Summary
Cloud Computing refers
to the sum of Software as a Service (SaaS), those who provide application level
services to the end users over the Internet, and Utility Computing provided by
Cloud Providers via hardware and software systems in the data centers which is
consumed by SaaS providers in order for them to provide their service. The
illusion of infinite computing resources available on demand, the elimination
of an up-front commitment by Cloud users and the ability to pay for use of
computing resources on a short-term basis as needed are new in Cloud Computing
and separates it from previous large scale computation facilities. Similar to
the rise of TSMC, Cloud Computing is able to provide a more economic solution
to companies by leverage the statistical multiplexing of computing resources as
well as eliminating redundancy of every company having tons of IT staff to take
care of expensive and complicated servers. Thus, by creating a centralized place
for offering computing resources, cloud providers are able to uncovered a
factors of 5 to 7 decrease in cost of electricity, network bandwidth,
operations, etc. Currently, level of abstraction presented to the programmer
and level of management of resources (more specifically, computation model,
storage model, communication model) are what distinguish different Cloud
providers, such as Amazon EC2, lowest level toward hardware, Microsoft Azure in
the middle and Google AppEngine being the most high level solution mentioned in
the paper. The paper demonstrated the incentives for companies to become cloud
providers and cost-savings that moving to cloud will allow for business to
reduce their IT cost. In addition to that the paper highlighted three areas where
more innovations is needed: applications software, infrastructure software and
hardware systems, and also a new range of applications that are made possible
by Cloud Computing, including mobile interactive applications, parallel batch
processing, large scale data analytics, extension of compute-intensive desktop
applications, etc. Furthermore, another “keyword” for Cloud Computing aside
from cost-saving is elasticity which refers to the “pay as you go” model and
the benefits it brings to users when couping with demand variations, also
there’s very little or no cost penalty for using 20 times more resources for
1/20 time, thus allowing many tasks to be expedited cheaply. Lastly, the paper
went through top 10 obstacles to and opportunities for growth and highlighted
future areas of advances as well as research directions.
I really like the
paper’s “top 10 obstacles to and opportunities for growth” list since even
though I have known the concept for a long time, they offered many unique and
new insights into some challenges and shined light on future research
directions that will better aid industry in making Cloud Computing the de facto
future of large scale computing. The paper provided a really nice theoretical
foundation for thinking about cloud computing and also identifying problems
with it.
There are 3 places that
I don’t quite like about the paper. Firstly, I think it will be much more
convincing if more real usage data can be obtained and added to the paper.

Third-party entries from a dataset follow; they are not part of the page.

(* The class of context-free languages is not closed under ${\rm bdir}$; for instance, for the context-free language $L=\{0^{2m}1^{4m}2^n3^n : m,n\ge1\}$, ${\rm bdir}(L)\cap(03)^+(13)^+(22)^+=\{(03)^{2m}(13)^{4m}(22)^{3m}:m\ge1\}$, so ${\rm bdir}(L)$ is not context-free.
   Context: For $w=a_1\cdots a_{2n}$ of even length, ${\rm bdir}(w)=a_1a_{2n}a_2a_{2n-1}\cdots a_na_{n+1}$; for $w=a_1\cdots a_{2n+1}$ of odd length, ${\rm bdir}(w)=a_1a_{2n+1}a_2a_{2n}\cdots a_na_{n+2}a_{n+1}$. ${\rm bdir}(L)=\{{\rm bdir}(w):w\in L\}$. *)

From mathcomp Require Import all_boot.
Set Implicit Arguments. Unset Strict Implicit. Unset Printing Implicit Defensive.

Definition language (T : Type) := seq T -> Prop.

(* Position i of bdir w (0-indexed): for even i = 2j it is w_j, for odd
   i = 2j+1 it is w_(|w|-1-j).  This reproduces both the even and odd length
   cases of the paper's definition. *)
Definition bdir (T : Type) (w : seq T) : seq T :=
  match w with
  | [::] => [::]
  | x0 :: _ =>
      mkseq (fun i => if odd i then nth x0 w (size w - 1 - i./2)
                      else nth x0 w i./2) (size w)
  end.

Definition bdir_lang (T : Type) (L : language T) : language T :=
  fun w => exists v, L v /\ w = bdir v.

(* Nonterminals are natural numbers; a symbol is a terminal (inl) or a
   nonterminal (inr).  A grammar is a finite list of productions plus a
   start symbol. *)
Definition symbol (T : Type) := (T + nat)%type.

Record cfg (T : Type) := CFG {
  cfg_rules : seq (nat * seq (symbol T));
  cfg_start : nat
}.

Since in many places, the authors just state facts x, y and z which will
benefit greatly, if some relative information can be obtained from the Cloud
Providers (I understand this can be very hard and is a general problem when
studying industry technologies that are moving very fast, but more real usage
data can make many claims much more solid). Hidden human resource costs seem to
be ignored in many of the calculations in the paper. Secondly, I am not sure
about the use of elasticity to prevent DDoS, since elasticity can only help in
terms of application layer DDoS or computation/IO exhaustion attacks, such as
sending a bunch of computation and IO heavy queries; however, in terms of
network bandwidth attacks
Security and
confidentiality/privacy seems to be covered very briefly in this paper, which I
think is an understatement to the importance of these two properties in the
modern world. Aside from the single points of failures caused by homogenous
hardware, software stack, shared network links, data store, power grid and
collateral damage from compromised machines in the cloud, etc. More
importantly, it is very hard to convince companies that their private and
confidential data will be safe and will not be leaked. Even though the paper
suggested encrypted data, key management can still be an issue and complicated
access control can be hard to replicate on the service. It will be better if
paper can spend a bit more space looking into these issues as well. Also the 3
main models of cloud computing, model of computation, model of storage and model
of communication, mentioned in the paper, can be a useful starting point to
start looking into the security and confidentiality implications.
Reuses of the virtual
machines might have interesting implications, including side channel data
leaks, such as whether the data of the previous users will still be accessible
by the second user using existing forensic techniques, since I believe most
cloud providers do not DBAN the hard disk when an instance changes its owner.
I think the dynamic
scaling and optimization is very interesting, since in Hadoop’s example, a lot
application chain multiple map reduce jobs together to have an end-to-end
workflow; however, some stages in the pipeline might require much lesser
resources, thus maximizing the elasticity of cloud computing. In addition to
that, it will be very interesting to have some tool that can profile the
computation and find out the resource needed to achieve the maximum cost vs.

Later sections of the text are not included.